YOUR GOAL =>
Each line of the records that holds the word "else" should be copied out.

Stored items
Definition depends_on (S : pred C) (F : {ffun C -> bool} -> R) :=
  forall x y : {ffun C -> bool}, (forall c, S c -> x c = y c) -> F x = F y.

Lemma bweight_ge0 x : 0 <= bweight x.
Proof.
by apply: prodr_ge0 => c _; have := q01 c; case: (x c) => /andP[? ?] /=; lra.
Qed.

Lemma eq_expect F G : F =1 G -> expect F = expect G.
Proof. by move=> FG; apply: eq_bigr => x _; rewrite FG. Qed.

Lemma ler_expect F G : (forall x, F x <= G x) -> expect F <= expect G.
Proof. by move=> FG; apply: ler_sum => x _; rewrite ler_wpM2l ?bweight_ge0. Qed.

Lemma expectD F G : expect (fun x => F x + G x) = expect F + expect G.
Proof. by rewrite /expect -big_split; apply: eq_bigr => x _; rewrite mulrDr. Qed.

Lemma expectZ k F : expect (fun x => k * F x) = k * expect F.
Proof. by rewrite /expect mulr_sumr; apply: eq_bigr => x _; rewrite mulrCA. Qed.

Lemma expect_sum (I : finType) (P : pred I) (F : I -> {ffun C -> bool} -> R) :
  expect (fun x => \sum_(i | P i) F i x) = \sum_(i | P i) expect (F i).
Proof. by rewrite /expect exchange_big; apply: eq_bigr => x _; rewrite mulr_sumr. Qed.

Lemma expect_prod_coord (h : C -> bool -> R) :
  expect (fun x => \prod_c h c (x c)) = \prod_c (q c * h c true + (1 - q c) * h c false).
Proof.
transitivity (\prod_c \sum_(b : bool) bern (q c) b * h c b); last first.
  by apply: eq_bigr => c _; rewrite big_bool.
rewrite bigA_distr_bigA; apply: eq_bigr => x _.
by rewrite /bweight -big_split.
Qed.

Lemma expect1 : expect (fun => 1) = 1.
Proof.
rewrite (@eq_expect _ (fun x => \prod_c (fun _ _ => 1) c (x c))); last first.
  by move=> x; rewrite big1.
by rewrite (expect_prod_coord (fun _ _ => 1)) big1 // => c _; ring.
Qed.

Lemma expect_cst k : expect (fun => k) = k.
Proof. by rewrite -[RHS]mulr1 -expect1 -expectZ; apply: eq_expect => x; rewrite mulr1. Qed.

* * *

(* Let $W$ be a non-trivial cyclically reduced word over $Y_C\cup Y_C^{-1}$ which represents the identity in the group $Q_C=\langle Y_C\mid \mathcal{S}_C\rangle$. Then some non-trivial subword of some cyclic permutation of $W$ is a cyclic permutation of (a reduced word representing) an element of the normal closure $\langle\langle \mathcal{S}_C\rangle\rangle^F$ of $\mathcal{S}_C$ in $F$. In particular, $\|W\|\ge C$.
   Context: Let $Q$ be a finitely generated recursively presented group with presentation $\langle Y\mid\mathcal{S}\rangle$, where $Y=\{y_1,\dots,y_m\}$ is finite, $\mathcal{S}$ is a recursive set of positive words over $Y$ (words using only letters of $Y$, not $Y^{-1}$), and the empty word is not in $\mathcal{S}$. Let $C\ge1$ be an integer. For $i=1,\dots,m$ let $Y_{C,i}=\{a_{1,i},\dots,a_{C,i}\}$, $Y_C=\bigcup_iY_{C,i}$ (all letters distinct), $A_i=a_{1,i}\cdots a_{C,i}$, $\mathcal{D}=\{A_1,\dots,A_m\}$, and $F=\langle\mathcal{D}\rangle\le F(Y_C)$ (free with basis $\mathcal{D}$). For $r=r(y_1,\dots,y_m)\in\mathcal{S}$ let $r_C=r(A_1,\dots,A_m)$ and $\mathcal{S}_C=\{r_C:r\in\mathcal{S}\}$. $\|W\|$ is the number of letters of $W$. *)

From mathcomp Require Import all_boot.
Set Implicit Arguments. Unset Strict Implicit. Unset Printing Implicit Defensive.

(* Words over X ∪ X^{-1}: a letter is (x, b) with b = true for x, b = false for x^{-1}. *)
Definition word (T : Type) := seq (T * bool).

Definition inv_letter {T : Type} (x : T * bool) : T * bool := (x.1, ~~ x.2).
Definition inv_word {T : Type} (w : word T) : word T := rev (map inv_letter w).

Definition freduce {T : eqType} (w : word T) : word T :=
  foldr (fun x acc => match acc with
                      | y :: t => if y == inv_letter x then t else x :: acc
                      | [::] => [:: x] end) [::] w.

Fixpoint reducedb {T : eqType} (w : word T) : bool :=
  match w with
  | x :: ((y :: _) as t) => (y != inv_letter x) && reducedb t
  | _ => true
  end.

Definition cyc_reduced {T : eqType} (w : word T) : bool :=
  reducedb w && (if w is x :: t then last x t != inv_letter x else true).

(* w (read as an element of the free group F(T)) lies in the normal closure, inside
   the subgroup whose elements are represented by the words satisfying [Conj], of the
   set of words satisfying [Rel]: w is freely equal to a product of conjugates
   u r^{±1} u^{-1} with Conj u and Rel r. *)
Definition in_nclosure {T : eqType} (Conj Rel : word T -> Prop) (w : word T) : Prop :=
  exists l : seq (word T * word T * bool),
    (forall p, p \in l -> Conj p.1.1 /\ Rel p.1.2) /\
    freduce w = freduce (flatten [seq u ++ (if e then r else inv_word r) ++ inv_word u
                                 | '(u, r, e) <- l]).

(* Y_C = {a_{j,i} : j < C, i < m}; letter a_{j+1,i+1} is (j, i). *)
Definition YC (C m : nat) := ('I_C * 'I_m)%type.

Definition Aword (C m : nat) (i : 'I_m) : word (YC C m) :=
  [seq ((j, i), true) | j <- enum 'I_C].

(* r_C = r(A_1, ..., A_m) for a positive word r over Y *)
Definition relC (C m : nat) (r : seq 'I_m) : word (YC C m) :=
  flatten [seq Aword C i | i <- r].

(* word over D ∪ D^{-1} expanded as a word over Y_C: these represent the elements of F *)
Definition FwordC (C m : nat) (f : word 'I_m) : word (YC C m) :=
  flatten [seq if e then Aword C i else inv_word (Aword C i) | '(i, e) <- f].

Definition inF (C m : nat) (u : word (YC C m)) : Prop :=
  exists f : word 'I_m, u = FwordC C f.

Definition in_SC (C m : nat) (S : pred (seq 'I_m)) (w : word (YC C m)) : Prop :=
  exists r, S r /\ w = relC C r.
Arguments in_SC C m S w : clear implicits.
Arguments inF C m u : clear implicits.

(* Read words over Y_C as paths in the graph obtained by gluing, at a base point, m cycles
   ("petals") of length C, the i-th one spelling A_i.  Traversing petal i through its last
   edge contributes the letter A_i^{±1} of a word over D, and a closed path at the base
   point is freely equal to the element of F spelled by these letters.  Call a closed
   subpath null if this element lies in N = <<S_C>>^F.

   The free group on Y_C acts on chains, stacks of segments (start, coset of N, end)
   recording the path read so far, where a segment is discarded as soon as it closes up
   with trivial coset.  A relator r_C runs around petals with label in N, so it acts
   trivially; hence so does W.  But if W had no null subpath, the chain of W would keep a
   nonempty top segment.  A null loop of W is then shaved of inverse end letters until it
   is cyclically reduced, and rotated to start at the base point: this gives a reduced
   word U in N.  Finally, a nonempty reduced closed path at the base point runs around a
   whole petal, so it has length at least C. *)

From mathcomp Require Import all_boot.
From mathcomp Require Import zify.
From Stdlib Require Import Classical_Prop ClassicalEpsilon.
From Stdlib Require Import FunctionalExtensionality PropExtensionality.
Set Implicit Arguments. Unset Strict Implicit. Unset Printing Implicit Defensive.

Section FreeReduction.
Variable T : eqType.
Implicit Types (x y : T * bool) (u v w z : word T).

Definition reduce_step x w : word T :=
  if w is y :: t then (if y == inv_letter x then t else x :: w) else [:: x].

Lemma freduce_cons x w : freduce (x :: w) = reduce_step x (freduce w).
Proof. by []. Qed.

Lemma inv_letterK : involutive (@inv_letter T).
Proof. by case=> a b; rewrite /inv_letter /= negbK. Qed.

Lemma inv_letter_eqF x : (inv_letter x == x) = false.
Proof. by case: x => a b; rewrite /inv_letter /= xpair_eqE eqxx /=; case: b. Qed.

* * *

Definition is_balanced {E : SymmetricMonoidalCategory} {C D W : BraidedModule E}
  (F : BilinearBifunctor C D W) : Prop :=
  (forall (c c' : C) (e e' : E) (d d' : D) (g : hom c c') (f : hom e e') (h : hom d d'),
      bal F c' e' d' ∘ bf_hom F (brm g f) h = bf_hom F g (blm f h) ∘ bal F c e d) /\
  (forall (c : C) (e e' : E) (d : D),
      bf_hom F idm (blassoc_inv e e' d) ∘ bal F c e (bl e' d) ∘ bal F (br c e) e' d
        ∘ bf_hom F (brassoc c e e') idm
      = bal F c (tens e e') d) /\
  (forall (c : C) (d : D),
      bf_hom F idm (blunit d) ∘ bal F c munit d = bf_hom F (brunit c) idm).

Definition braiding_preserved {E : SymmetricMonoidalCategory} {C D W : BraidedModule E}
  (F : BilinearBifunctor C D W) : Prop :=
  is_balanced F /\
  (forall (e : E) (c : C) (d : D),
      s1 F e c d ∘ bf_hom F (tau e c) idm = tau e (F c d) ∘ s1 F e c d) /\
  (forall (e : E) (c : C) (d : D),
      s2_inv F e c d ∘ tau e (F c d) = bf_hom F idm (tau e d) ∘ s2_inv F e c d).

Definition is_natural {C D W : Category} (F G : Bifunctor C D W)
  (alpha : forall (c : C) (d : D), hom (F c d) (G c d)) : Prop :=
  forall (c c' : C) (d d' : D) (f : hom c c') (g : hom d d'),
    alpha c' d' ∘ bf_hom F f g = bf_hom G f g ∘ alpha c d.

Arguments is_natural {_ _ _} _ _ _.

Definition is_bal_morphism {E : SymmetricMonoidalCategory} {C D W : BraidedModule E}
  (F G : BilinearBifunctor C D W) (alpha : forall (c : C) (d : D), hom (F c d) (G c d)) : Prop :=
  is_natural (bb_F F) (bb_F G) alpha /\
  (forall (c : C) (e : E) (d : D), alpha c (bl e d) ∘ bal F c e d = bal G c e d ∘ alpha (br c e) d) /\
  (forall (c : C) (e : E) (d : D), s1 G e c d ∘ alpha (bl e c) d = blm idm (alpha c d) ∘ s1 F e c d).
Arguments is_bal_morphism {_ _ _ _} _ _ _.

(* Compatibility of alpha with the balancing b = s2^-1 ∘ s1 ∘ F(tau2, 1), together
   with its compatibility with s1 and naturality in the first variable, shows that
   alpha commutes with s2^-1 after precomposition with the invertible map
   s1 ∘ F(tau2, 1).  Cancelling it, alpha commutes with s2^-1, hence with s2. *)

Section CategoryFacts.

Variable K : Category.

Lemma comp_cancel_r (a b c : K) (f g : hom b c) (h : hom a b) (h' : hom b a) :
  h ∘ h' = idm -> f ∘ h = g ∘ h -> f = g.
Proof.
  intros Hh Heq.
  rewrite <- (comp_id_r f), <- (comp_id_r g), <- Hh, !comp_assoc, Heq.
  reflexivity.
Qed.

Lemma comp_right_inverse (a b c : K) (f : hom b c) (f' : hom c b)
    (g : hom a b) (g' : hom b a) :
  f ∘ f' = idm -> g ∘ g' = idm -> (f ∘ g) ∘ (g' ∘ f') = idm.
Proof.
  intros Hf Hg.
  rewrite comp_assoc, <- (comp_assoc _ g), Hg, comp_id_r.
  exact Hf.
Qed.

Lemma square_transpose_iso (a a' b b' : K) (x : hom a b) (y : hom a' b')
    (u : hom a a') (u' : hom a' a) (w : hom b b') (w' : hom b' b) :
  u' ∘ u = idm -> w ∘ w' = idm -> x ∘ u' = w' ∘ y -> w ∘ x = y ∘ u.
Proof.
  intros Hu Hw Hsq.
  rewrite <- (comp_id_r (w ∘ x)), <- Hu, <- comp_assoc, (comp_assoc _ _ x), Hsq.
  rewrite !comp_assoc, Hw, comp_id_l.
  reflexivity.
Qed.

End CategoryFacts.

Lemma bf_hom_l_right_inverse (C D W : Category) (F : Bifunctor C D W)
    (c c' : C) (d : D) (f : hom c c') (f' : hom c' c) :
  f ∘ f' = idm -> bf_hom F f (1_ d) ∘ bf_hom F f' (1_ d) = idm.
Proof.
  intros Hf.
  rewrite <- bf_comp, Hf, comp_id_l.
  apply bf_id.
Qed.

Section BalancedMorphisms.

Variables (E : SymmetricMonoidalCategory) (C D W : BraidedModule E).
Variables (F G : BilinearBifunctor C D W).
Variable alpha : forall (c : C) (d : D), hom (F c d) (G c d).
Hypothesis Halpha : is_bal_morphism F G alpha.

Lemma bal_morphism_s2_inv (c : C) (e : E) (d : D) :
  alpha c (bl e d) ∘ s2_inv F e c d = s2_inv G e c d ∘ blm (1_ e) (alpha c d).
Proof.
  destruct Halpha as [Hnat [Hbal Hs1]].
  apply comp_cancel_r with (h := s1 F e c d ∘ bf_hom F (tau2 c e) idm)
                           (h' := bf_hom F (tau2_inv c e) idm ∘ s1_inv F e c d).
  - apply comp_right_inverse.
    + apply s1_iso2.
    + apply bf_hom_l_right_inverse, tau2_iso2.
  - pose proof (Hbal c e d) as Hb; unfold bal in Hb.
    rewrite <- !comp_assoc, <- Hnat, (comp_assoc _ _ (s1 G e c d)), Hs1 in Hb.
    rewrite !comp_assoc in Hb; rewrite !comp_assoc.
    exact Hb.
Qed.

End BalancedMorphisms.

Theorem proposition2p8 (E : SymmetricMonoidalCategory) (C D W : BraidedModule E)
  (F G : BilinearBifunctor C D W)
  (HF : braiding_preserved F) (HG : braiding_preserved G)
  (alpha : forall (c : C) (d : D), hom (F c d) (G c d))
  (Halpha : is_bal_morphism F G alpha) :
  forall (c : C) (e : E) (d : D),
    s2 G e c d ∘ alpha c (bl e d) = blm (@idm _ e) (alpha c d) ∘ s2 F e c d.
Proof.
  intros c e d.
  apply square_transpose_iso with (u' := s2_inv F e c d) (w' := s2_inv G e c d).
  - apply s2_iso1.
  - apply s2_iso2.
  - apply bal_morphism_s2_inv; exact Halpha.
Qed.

RESPONSE =>
                      | y :: t => if y == inv_letter x then t else x :: acc
  reducedb w && (if w is x :: t then last x t != inv_letter x else true).
    freduce w = freduce (flatten [seq u ++ (if e then r else inv_word r) ++ inv_word u
  flatten [seq if e then Aword C i else inv_word (Aword C i) | '(i, e) <- f].
  if w is y :: t then (if y == inv_letter x then t else x :: w) else [:: x].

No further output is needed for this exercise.